Added: llvm/trunk/test/Transforms/SimpleLoopUnswitch/update-scev.ll
URL: http://llvm.org/viewvc/llvm-project/llvm/trunk/test/Transforms/SimpleLoopUnswitch/update-scev.ll?rev=336183&view=auto
==============================================================================
--- llvm/trunk/test/Transforms/SimpleLoopUnswitch/update-scev.ll (added)
+++ llvm/trunk/test/Transforms/SimpleLoopUnswitch/update-scev.ll Tue Jul  3 02:13:27 2018
@@ -0,0 +1,188 @@
+; RUN: opt -passes='print<scalar-evolution>,loop(unswitch,loop-instsimplify),print<scalar-evolution>' -enable-nontrivial-unswitch -S < %s 2>%t.scev | FileCheck %s
+; RUN: FileCheck %s --check-prefix=SCEV < %t.scev
+
+target triple = "x86_64-unknown-linux-gnu"
+
+declare void @f()
+
+; Check that trivially unswitching an inner loop resets both the inner and outer
+; loop trip count.
+define void @test1(i32 %n, i32 %m, i1 %cond) {
+; Check that SCEV has no trip count before unswitching.
+; SCEV-LABEL: Determining loop execution counts for: @test1
+; SCEV: Loop %inner_loop_begin: <multiple exits> Unpredictable backedge-taken count.
+; SCEV: Loop %outer_loop_begin: Unpredictable backedge-taken count.
+;
+; Now check that after unswitching and simplifying instructions we get clean
+; backedge-taken counts.
+; SCEV-LABEL: Determining loop execution counts for: @test1
+; SCEV: Loop %inner_loop_begin: backedge-taken count is (-1 + (1 smax %m))<nsw>
+; SCEV: Loop %outer_loop_begin: backedge-taken count is (-1 + (1 smax %n))<nsw>
+;
+; And verify the code matches what we expect.
+; CHECK-LABEL: define void @test1(
+entry:
+  br label %outer_loop_begin
+; Ensure the outer loop didn't get unswitched.
+; CHECK:       entry:
+; CHECK-NEXT:    br label %outer_loop_begin
+
+outer_loop_begin:
+  %i = phi i32 [ %i.next, %outer_loop_latch ], [ 0, %entry ]
+  ; Block unswitching of the outer loop with a noduplicate call.
+  call void @f() noduplicate
+  br label %inner_loop_begin
+; Ensure the inner loop got unswitched into the outer loop.
+; CHECK:       outer_loop_begin:
+; CHECK-NEXT:    %{{.*}} = phi i32
+; CHECK-NEXT:    call void @f()
+; CHECK-NEXT:    br i1 %cond,
+
+inner_loop_begin:
+  %j = phi i32 [ %j.next, %inner_loop_latch ], [ 0, %outer_loop_begin ]

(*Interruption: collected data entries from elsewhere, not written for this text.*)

(* Let $\mathcal{C}=\langle C_\delta:\delta\in\mathrm{Lim}\rangle$ be a $\clubsuit$-sequence, let $n\geq1$, and let $\mathcal{F}$ be a construction scheme over $\omega_1$ of a good type which satisfies $IH_\rho(\mathcal{C},n)$. Then $\mathcal{F}$ is $(n+1)$-$\rho$-capturing.
   Context: $\mathrm{Lim}$ is the set of nonzero countable limit ordinals. A $\clubsuit$-sequence is $\langle C_\delta:\delta\in\mathrm{Lim}\rangle$ with $C_\delta\subseteq\delta$ of order type $\omega$, $\sup C_\delta=\delta$, and $\{\delta:C_\delta\subseteq S\}$ stationary for every uncountable $S\subseteq\omega_1$. $\mathrm{Lim}_0=\mathrm{Lim}$, $\mathrm{Lim}_{n+1}=\{\delta\in\mathrm{Lim}:C_\delta\subseteq\mathrm{Lim}_n\}$; $C^0_\delta=C_\delta$, $C^{n+1}_\delta=\bigcup_{\xi\in C_\delta}C^n_\xi$ for $\delta\in\mathrm{Lim}_{n+1}$. A type is a sequence $\langle m_k,n_{k+1},r_{k+1}\rangle_{k\in\omega}$ of natural numbers with $m_0=1$ and, for all $k$, $n_{k+1}\geq2$, $m_k>r_{k+1}$, $m_{k+1}=r_{k+1}+(m_k-r_{k+1})n_{k+1}$; good if every $r$ equals $r_k$ for infinitely many $k\geq1$. $A<B$ means every element of $A$ is below every element of $B$; $D(a)$ is the $a$-th element of a finite set of ordinals $D$. A construction scheme of type $\tau$ over a set of ordinals $Y$ is a family $\mathcal{F}$ of nonempty finite subsets of $Y$, cofinal among finite subsets of $Y$ under $\subseteq$, each of size $m_k$ for some $k$, with $\mathcal{F}_k=\{F\in\mathcal{F}:|F|=m_k\}$ satisfying: (i) for $E,F\in\mathcal{F}_k$, $E\cap F$ is an initial segment of both; (ii) every $F\in\mathcal{F}_{k+1}$ equals $F_0\cup\dots\cup F_{n_{k+1}-1}$ with $F_i\in\mathcal{F}_k$ a $\Delta$-system with root $R(F)$, $|R(F)|=r_{k+1}$, $R(F)<F_0\setminus R(F)<\dots<F_{n_{k+1}-1}\setminus R(F)$ (the canonical pieces). $\rho(\alpha,\beta)=\min\{k:\exists F\in\mathcal{F}_k\ \{\alpha,\beta\}\subseteq F\}$; $(\alpha)_k=\{\xi\leq\alpha:\rho(\xi,\alpha)\leq k\}$; for $k\geq1$, $\Xi_\alpha(k)=-1$ if $\alpha\in R(F)$ and $=i$ if $\alpha\in F_i\setminus R(F)$, for any $F\in\mathcal{F}_k$ containing $\alpha$. A root-tail-tail $\Delta$-system is a family (or sequence $\langle D_i\rangle_{i<n}$), $n\geq2$, of finite sets of ordinals of common size $m$ with pairwise intersections equal to a root $R$, $R<D_i\setminus R$, and $D_0\setminus R<\dots<D_{n-1}\setminus R$; $r=|R|$. It is $\rho$-captured at level $l\geq1$ if $n\leq n_l$, (I) $\Xi_{D_i(a)}(l)=-1$ for $a<r$ and $=i$ for $a\geq r$ ($i<n$, $a<m$), and (II) $\rho(D_i(a),D_j(a))=l$ for $i<j<n$, $r\leq a<m$. A scheme over $\omega_1$ is $n$-$\rho$-capturing if for every uncountable family $\mathcal{S}$ of nonempty finite subsets of $\omega_1$ there are infinitely many $l$ for which some $n$ distinct members of $\mathcal{S}$, suitably enumerated, form a root-tail-tail $\Delta$-system $\rho$-captured at level $l$. A tuple $(n,\delta,k,A)$ is $\mathcal{F}$-good if $n,k\in\omega$, $\delta\in\mathrm{Lim}_n$, the family $\{(\xi)_k:\xi\in C^n_\delta\}$ is a root-tail-tail $\Delta$-system with some root $R^n_k(\delta)$, and $A$ is a nonempty finite subset of $[\delta,\omega_1)$. $\mathcal{F}$ satisfies $IH_\rho(\mathcal{C},n)$ if for every $\mathcal{F}$-good tuple $(n,\delta,k,A)$ there are infinitely many $l\geq k$ with $n_l>n$ for which there exist $F\in\mathcal{F}_l$ (with canonical pieces $F_0,\dots,F_{n_l-1}$ and root $R(F)$) and an $n$-element set $D\subseteq C^n_\delta$ (with $D(i)$ its $i$-th element) such that $A\subseteq F_n\setminus R(F)$ and, for each $i<n$, $(D(i))_k\subseteq F_i$ and $(D(i))_k\cap R(F)=R^n_k(\delta)$. *)

(* omega_1 is represented abstractly as a type T with a strict
   order lt which is a well-order, uncountable, with all proper initial
   segments countable (this characterizes omega_1 up to isomorphism).
   Finite sets of ordinals are represented by strictly increasing lists
   (the canonical increasing enumeration), so D(a) = nth a D. *)
From Stdlib Require Import List Sorting.Sorted ZArith Arith.
Import ListNotations.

+  br i1 %cond, label %inner_loop_latch, label %inner_loop_early_exit
+
+inner_loop_latch:
+  %j.next = add nsw i32 %j, 1
+  %j.cmp = icmp slt i32 %j.next, %m
+  br i1 %j.cmp, label %inner_loop_begin, label %inner_loop_late_exit
+
+inner_loop_early_exit:
+  %j.lcssa = phi i32 [ %i, %inner_loop_begin ]
+  br label %outer_loop_latch
+
+inner_loop_late_exit:
+  br label %outer_loop_latch
+
+outer_loop_latch:
+  %i.phi = phi i32 [ %j.lcssa, %inner_loop_early_exit ], [ %i, %inner_loop_late_exit ]
+  %i.next = add nsw i32 %i.phi, 1
+  %i.cmp = icmp slt i32 %i.next, %n
+  br i1 %i.cmp, label %outer_loop_begin, label %exit
+
+exit:
+  ret void
+}
+
+; Check that trivially unswitching an inner loop resets both the inner and outer
+; loop trip count.
+define void @test2(i32 %n, i32 %m, i32 %cond) {
+; Check that SCEV has no trip count before unswitching.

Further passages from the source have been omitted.